Core independent peripherals
The basic idea behind these new peripherals is that, once set up properly, they will operate independently and relieve the microcontroller core from the heavy lifting of the task at hand. This allows the use of a smaller MCU, operating at a lower clock speed, and idling (or even entering standby mode) for maximum cost, power and complexity reductions.

In the first part of this article series, we looked at the first two examples of core independent peripherals: the Signal Measurement Timer (SMT) and the Configurable Logic Cell (CLC).

The SMT proved to be useful in our example, helping to achieve a significant savings in power consumption via a reduction of the software complexity and required clock speed by as much as two orders of magnitude.

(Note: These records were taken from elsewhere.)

(* Let $n\ge2$, $\alpha,\beta>0$, $a=1/\alpha$, $b=1/\beta$, and let $1\le j_1<\dots<j_r\le n-1$. For $1\le j\le n-1$ let $\alpha_j$ be the event that box $(n-j,j)$ (on the second main diagonal) contains $\alpha$. If $j_k\le j_{k+1}-2$ for all $k=1,\dots,r-1$, then \[\mathbb{P}_{n,\alpha,\beta}(\alpha_{j_1},\dots,\alpha_{j_r})=\prod_{k=1}^{r}\frac{b+j_{r-k+1}-2r+2k-1}{(n+a+b-2r+2k-1)(n+a+b-2r+2k-2)}.\] Otherwise, $\mathbb{P}_{n,\alpha,\beta}(\alpha_{j_1},\dots,\alpha_{j_r})=0$.
   Context: A staircase tableau of size $n$ has boxes $(i,j)$ with $i,j\ge1$ and $i+j\le n+1$, rows numbered from the top and columns from the left. An $\alpha/\beta$-staircase tableau of size $n$ is a filling in which each box is empty or contains $\alpha$ or $\beta$, such that: all boxes in the same column and above an $\alpha$ are empty; all boxes in the same row and to the left of a $\beta$ are empty; every main-diagonal box (with $i+j=n+1$) contains a symbol. $\overline{\mathcal{S}}_n$ is the set of these. The weight is $wt(S)=\alpha^{N_\alpha}\beta^{N_\beta}$ ($N_\alpha,N_\beta$ the numbers of $\alpha$'s, $\beta$'s), and for $\alpha,\beta>0$, $\mathbb{P}_{n,\alpha,\beta}(S)=wt(S)/Z_n(\alpha,\beta)$ with $Z_n(\alpha,\beta)=\sum_{T\in\overline{\mathcal{S}}_n}wt(T)$. The second main diagonal consists of the boxes $(n-j,j)$, $1\le j\le n-1$. $\mathbb{P}_{n,\alpha,\beta}(E_1,\dots,E_r)$ denotes the probability of the intersection of the events. *)

From mathcomp Require Import all_boot all_order all_algebra.
Set Implicit Arguments. Unset Strict Implicit. Unset Printing Implicit Defensive.
Import Order.TTheory GRing.Theory Num.Theory.
Local Open Scope ring_scope.

(* Boxes are indexed 0-based: the paper's box (i,j) (1-based) is (i-1, j-1).
   A filling of a box: None = empty, Some true = alpha, Some false = beta. *)
Definition filling (n : nat) := {ffun 'I_n * 'I_n -> option bool}.

Definition in_stair (n : nat) (c : 'I_n * 'I_n) : bool := (c.1 + c.2 <= n.-1)%N.
Definition on_diag (n : nat) (c : 'I_n * 'I_n) : bool := (c.1 + c.2 == n.-1)%N.

Definition is_stair_tableau (n : nat) (S : filling n) : bool :=
  [forall c : 'I_n * 'I_n,
     [&& (~~ in_stair c) ==> (S c == None),
         on_diag c ==> (S c != None),
         (S c == Some true) ==>
            [forall i : 'I_n, (i < c.1)%N ==> (S (i, c.2) == None)] &
         (S c == Some false) ==>
            [forall j : 'I_n, (j < c.2)%N ==> (S (c.1, j) == None)]]].

Definition N_alpha n (S : filling n) : nat := #|[set c | S c == Some true]|.
Definition N_beta n (S : filling n) : nat := #|[set c | S c == Some false]|.

Definition wt (R : nzRingType) (al be : R) n (S : filling n) : R :=
  al ^+ N_alpha S * be ^+ N_beta S.

Definition Zn (R : nzRingType) (al be : R) n : R :=
  \sum_(S : filling n | is_stair_tableau S) wt al be S.
Lemma in_nbhs_card (X : {set T}) x :
  symmetric e -> x \notin X -> 0 < #|nbh e x :&: X| -> x \in nbhs e X.
Proof.
move=> e_sym xX /card_gt0P[y]; rewrite in_setI in_nbh => /andP[/andP[_ eyx] yX].
by rewrite in_nbhs xX; apply/exists_inP; exists y; rewrite // e_sym.
Qed.

Lemma sub_S4 (X : {set T}) : core4_ok e X -> X \subset S4 e.
Proof. exact: bigcup_sup. Qed.

Lemma core4_ok_S4 : core4_ok e (S4 e).
Proof.
apply/forall_inP => x xSN.
have [X coreX xXN] : exists2 X, core4_ok e X & x \in X :|: nbhs e X.
  case/setUP: xSN => [/bigcupP[X coreX xX] | ].
    by exists X; rewrite // in_setU xX.
  rewrite in_nbhs => /andP[xS /exists_inP[y /bigcupP[X coreX yX] exy]].
  exists X; rewrite // in_setU in_nbhs; apply/orP; right; apply/andP; split.
    by apply: contra xS => xX; apply/bigcupP; exists X.
  by apply/exists_inP; exists y.
apply: leq_trans (forall_inP coreX x xXN) _.
exact/subset_leq_card/setIS/sub_S4.
Qed.

Lemma card_nbh_S4 x :
  x \in S4 e :|: nbhs e (S4 e) -> 4 <= #|nbh e x :&: S4 e|.
Proof. exact: (forall_inP core4_ok_S4). Qed.

Lemma deg_S4 x : x \in S4 e :|: nbhs e (S4 e) -> 4 <= deg e x.
Proof. by move/card_nbh_S4/leq_trans; apply; apply/subset_leq_card/subsetIl. Qed.

End StrongCore.

Section DeleteEdges.
Variables (T : finType) (e : rel T).

Lemma del_edgesW (X Y : {set T}) x y : del_edges e X Y x y -> e x y.
Proof. by rewrite /del_edges => /andP[]. Qed.

Lemma del_edges_sym (X Y : {set T}) : symmetric e -> symmetric (del_edges e X Y).
Proof.
by move=> e_sym x y; rewrite /del_edges /edge_between e_sym orbC
  [(y \in X) && _]andbC [(y \in Y) && _]andbC.
Qed.

Lemma del_edges_notin (X Y : {set T}) x y :
  x \notin X -> y \notin X -> del_edges e X Y x y = e x y.
Proof.
by move=> /negbTE xX /negbTE yX; rewrite /del_edges /edge_between xX yX andbF andbT.
Qed.

Lemma nbh_del_edges (X Y : {set T}) x : nbh (del_edges e X Y) x \subset nbh e x.
Proof. by apply/subsetP => y; rewrite !in_nbh => /andP[-> /del_edgesW]. Qed.

End DeleteEdges.

Section PropertyP.
Variables (T : finType) (e : rel T) (A B : {set T}).
Hypotheses (e_sym : symmetric e) (e_irr : irreflexive e).
Hypothesis disjAB : [disjoint A & B].
Hypothesis A_isolated : forall a y, a \in A -> ~~ del_edges e A B a y.
Hypothesis B_le1_A : forall b, b \in B -> #|nbh e b :&: A| <= 1.
Hypothesis B_sapphire : robust_sapphire (del_edges e A B) B.

Local Notation Hs := (del_edges e A B).
Local Notation SH := (S4 Hs).
Local Notation A' := [set x in A | 4 <= deg e x].
Local Notation B' := (nbhs e (A :\: A')).
Local Notation W := (B :|: nbhs Hs B).
Local Notation X := ((SH :\: B') :|: A').

Let Hs_sym : symmetric Hs := del_edges_sym A B e_sym.

Lemma Hs_nbr_notin_A x y : Hs x y -> x \notin A.
Proof. by apply: contraL; apply: A_isolated. Qed.

Lemma A_nbr_in_B a y : a \in A -> e a y -> y \in B.
Proof.
move=> aA eay; have := A_isolated y aA.
by rewrite /del_edges eay /edge_between aA (disjointFr disjAB aA) /= orbF negbK.
Qed.

Lemma B_A_nbr_uniq b a1 a2 :
  b \in B -> a1 \in A -> a2 \in A -> e b a1 -> e b a2 -> a1 = a2.
Proof.
move=> bB a1A a2A eba1 eba2.
have nbhA a : a \in A -> e b a -> a \in nbh e b :&: A.
  move=> aA eba; rewrite in_setI in_nbh aA [e a b]e_sym eba !andbT.
  by apply: contraTneq eba => ->; rewrite e_irr.
exact: (card_le1_eqP (B_le1_A bB)) (nbhA _ a2A eba2) (nbhA _ a1A eba1).
Qed.

Lemma Hs_B_nbr_uniq x b1 b2 : b1 \in B -> b2 \in B -> Hs x b1 -> Hs x b2 -> b1 = b2.
Proof.
move=> b1B b2B xb1 xb2; apply/eqP/negPn/negP => b12.
have walk : path Hs b1 [:: x; b2] by rewrite /= Hs_sym xb1 xb2.
by have := B_sapphire.2 b1 b2 b1B b2B b12 _ walk erefl.
Qed.

Lemma Hs_B_nbr_in_W x b : b \in B -> Hs x b -> x \in W.
Proof.
move=> bB xb; rewrite in_setU in_nbhs; case: (x \in B) => //=.
by apply/exists_inP; exists b.
Qed.
Variables (k : fieldType) (F : groupType) (G : finGroupType).
Variables (lact : G -> F -> F) (tau : G -> G -> F -> k) (f : F).

Hypothesis lact1 : forall x : F, lact 1%g x = x.
Hypothesis lactM : forall (g g' : G) (x : F), lact (g * g')%g x = lact g (lact g' x).
Hypothesis tau_neq0 : forall g g' x, tau g g' x != 0.
Hypothesis tau1g : forall g x, tau 1%g g x = 1.
Hypothesis taug1 : forall g x, tau g 1%g x = 1.
Hypothesis tau_cocycle : forall g g' g'' x,
  tau g g' (lact g'' x) * tau (g * g')%g g'' x = tau g (g' * g'')%g x * tau g' g'' x.

Local Notation stab := (stab lact f).

Lemma lactK (z : G) (x : F) : lact z^-1 (lact z x) = x.
Proof. by rewrite -lactM mulVg lact1. Qed.

Lemma lactVK (z : G) (x : F) : lact z (lact z^-1 x) = x.
Proof. by rewrite -lactM mulgV lact1. Qed.

Lemma stab_group_set : group_set stab.
Proof.
apply/group_setP; split=> [|x y]; first by rewrite inE lact1.
by rewrite !inE lactM => /eqP fx /eqP ->; rewrite fx.
Qed.

Canonical stab_group := Group stab_group_set.

Lemma HcoprodE (h : G -> F -> k) g1 f1 g2 f2 :
  Hcoprod lact tau h g1 f1 g2 f2 =
  h (g1 * g2)%g f2 * tau g1 g2 f2 * (lact g2 f2 == f1)%:R.
Proof.
rewrite /Hcoprod (bigD1 (g1 * g2)%g) //= [X in _ + X]big1 => [|g ne_g]; last first.
  apply: big1 => x _; have [->|] := eqVneq x g2; last by rewrite mulr0.
  have [def_g1|] := eqVneq (g * g2^-1)%g g1; last by rewrite !(mulr0, mul0r).
  by rewrite -def_g1 mulgKV eqxx in ne_g.
rewrite addr0 (bigD1 g2) //= big1 ?addr0 => [|x /negbTE->]; last by rewrite mulr0.
by rewrite mulgK !eqxx !mulr1.
Qed.

Lemma Hcoprod_sum n (h : G -> F -> k) (d : 'I_n -> k) (v : 'I_n -> G -> F -> k) :
    (forall g x, h g x = \sum_(l < n) d l * v l g x) ->
  forall g1 f1 g2 f2,
    Hcoprod lact tau h g1 f1 g2 f2 = \sum_(l < n) d l * Hcoprod lact tau (v l) g1 f1 g2 f2.
Proof.
move=> def_h g1 f1 g2 f2; rewrite HcoprodE def_h !big_distrl /=.
by apply: eq_bigr => l _; rewrite HcoprodE !mulrA.
Qed.

Variables (T : {set G}) (m : nat) (a : 'I_m -> 'I_m -> G -> k).
Hypothesis T_transversal : is_transversal T (rcosets stab [set: G]) [set: G].
Hypothesis a_coassoc : forall i j g1 g2, g1 \in stab -> g2 \in stab ->
  \sum_(l < m) a j l g1 * a l i g2 = tau g1 g2 f * a j i (g1 * g2)%g.
Hypothesis a_counit : forall i j, a j i 1%g = (i == j)%:R.

Lemma transversal_stab_rep (g : G) :
  exists2 z0, z0 \in T & forall z, z \in T -> ((g * z^-1)%g \in stab) = (z == z0).
Proof.
case/and3P: T_transversal => _ _ /forall_inP/(_ _ (imset_f _ (in_setT g))).
rewrite rcosetE => /cards1P[z0 T_z0].
have : z0 \in T :&: (stab :* g)%g by rewrite T_z0 set11.
rewrite inE => /andP[Tz0 _]; exists z0 => // z Tz.
rewrite -groupV invMg invgK -mem_rcoset.
by rewrite -[z \in _]andTb -Tz -in_setI T_z0 in_set1.
Qed.

Local Notation vec := ('I_m -> G -> F -> k).
Local Notation in_cotensor := (in_cotensor lact tau f a).

Lemma cotensor_supp (w : vec) j g x :
  in_cotensor w -> w j g x != 0 -> lact g x = f.
Proof.
move=> w_cot; apply: contraNeq => gx_neq_f; apply/eqP.
have := w_cot j 1%g (lact g x) g x.
rewrite /VFcoact /Hlcoact HcoprodE group1 mul1g tau1g eqxx big1 => [|i _].
  by rewrite !mulr1 mul1r.
by rewrite (negbTE gx_neq_f) !(mulr0, mul0r).
Qed.

Lemma cotensor_stab_mul (w : vec) j (h g : G) x : in_cotensor w ->
  h \in stab -> lact g x = f ->
  \sum_(i < m) a j i h * w i g x = w j (h * g)%g x * tau h g x.
Proof.
move=> w_cot stab_h gx_f; have := w_cot j h f g x.
rewrite /VFcoact /Hlcoact HcoprodE stab_h gx_f eqxx !mul1r mulr1 => <-.
by apply: eq_bigr => i _; rewrite !mul1r.
Qed.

The CLC, by itself, was shown in the first example as an important tool for the reduction of power consumption in battery-operated applications by performing combinatorial and sequential input filtering. This produced a "smart" wakeup for an MCU that was otherwise spending most to all of its time in a standby (eXtreme Low Power) mode.

Reaching deep
It would be very wrong if I gave you the impression that the CLC is just a tool for smart input filtering. Each CLC block has access to a large number of signals (16 to 32 in current models) that reach deep inside the microcontroller and its peripherals. These go far beyond the usual I/O structures connected to the device pins. They include most/all of the outputs from the timers, PWMs, and basic modules, as well as all the "other" core independent peripherals. In their turn, the outputs of each configurable logic block can be published on external pins or can be re-routed internally directly as an input (or trigger) of any of the peripherals available on chip.

Now things get really interesting because it is at this point that we can start building "new" peripherals by combining core-independent and traditional peripheral modules to perform new functions. These functions can be very specific and unique to the application and market segment, using what is otherwise an inexpensive family of general-purpose microcontrollers. Even more interestingly, because each CLC (connecting) block is configured at run-time via special function registers (RAM), the function of the new peripheral modules can change while the application runs.

Creating custom peripherals
As we did in Part 1, we will now review a practical example application where the core independent peripherals' ability to be configured and combined together can be best appreciated.

Our example application will be a "smart" power supply of sorts. A low-cost, general-purpose microcontroller will provide the intelligence. While we won't detail the control algorithm or topology of choice, this example will suffice for the purposes of our conversation, to specify that an output in the form of a PWM signal will have to be generated. Further, we will specify that the desired output frequency (Fout) be at least 500kHz, to reduce component size and cost, and the output resolution will be optimised for maximum stability in a 10% range around a set point centred at a 50% duty cycle.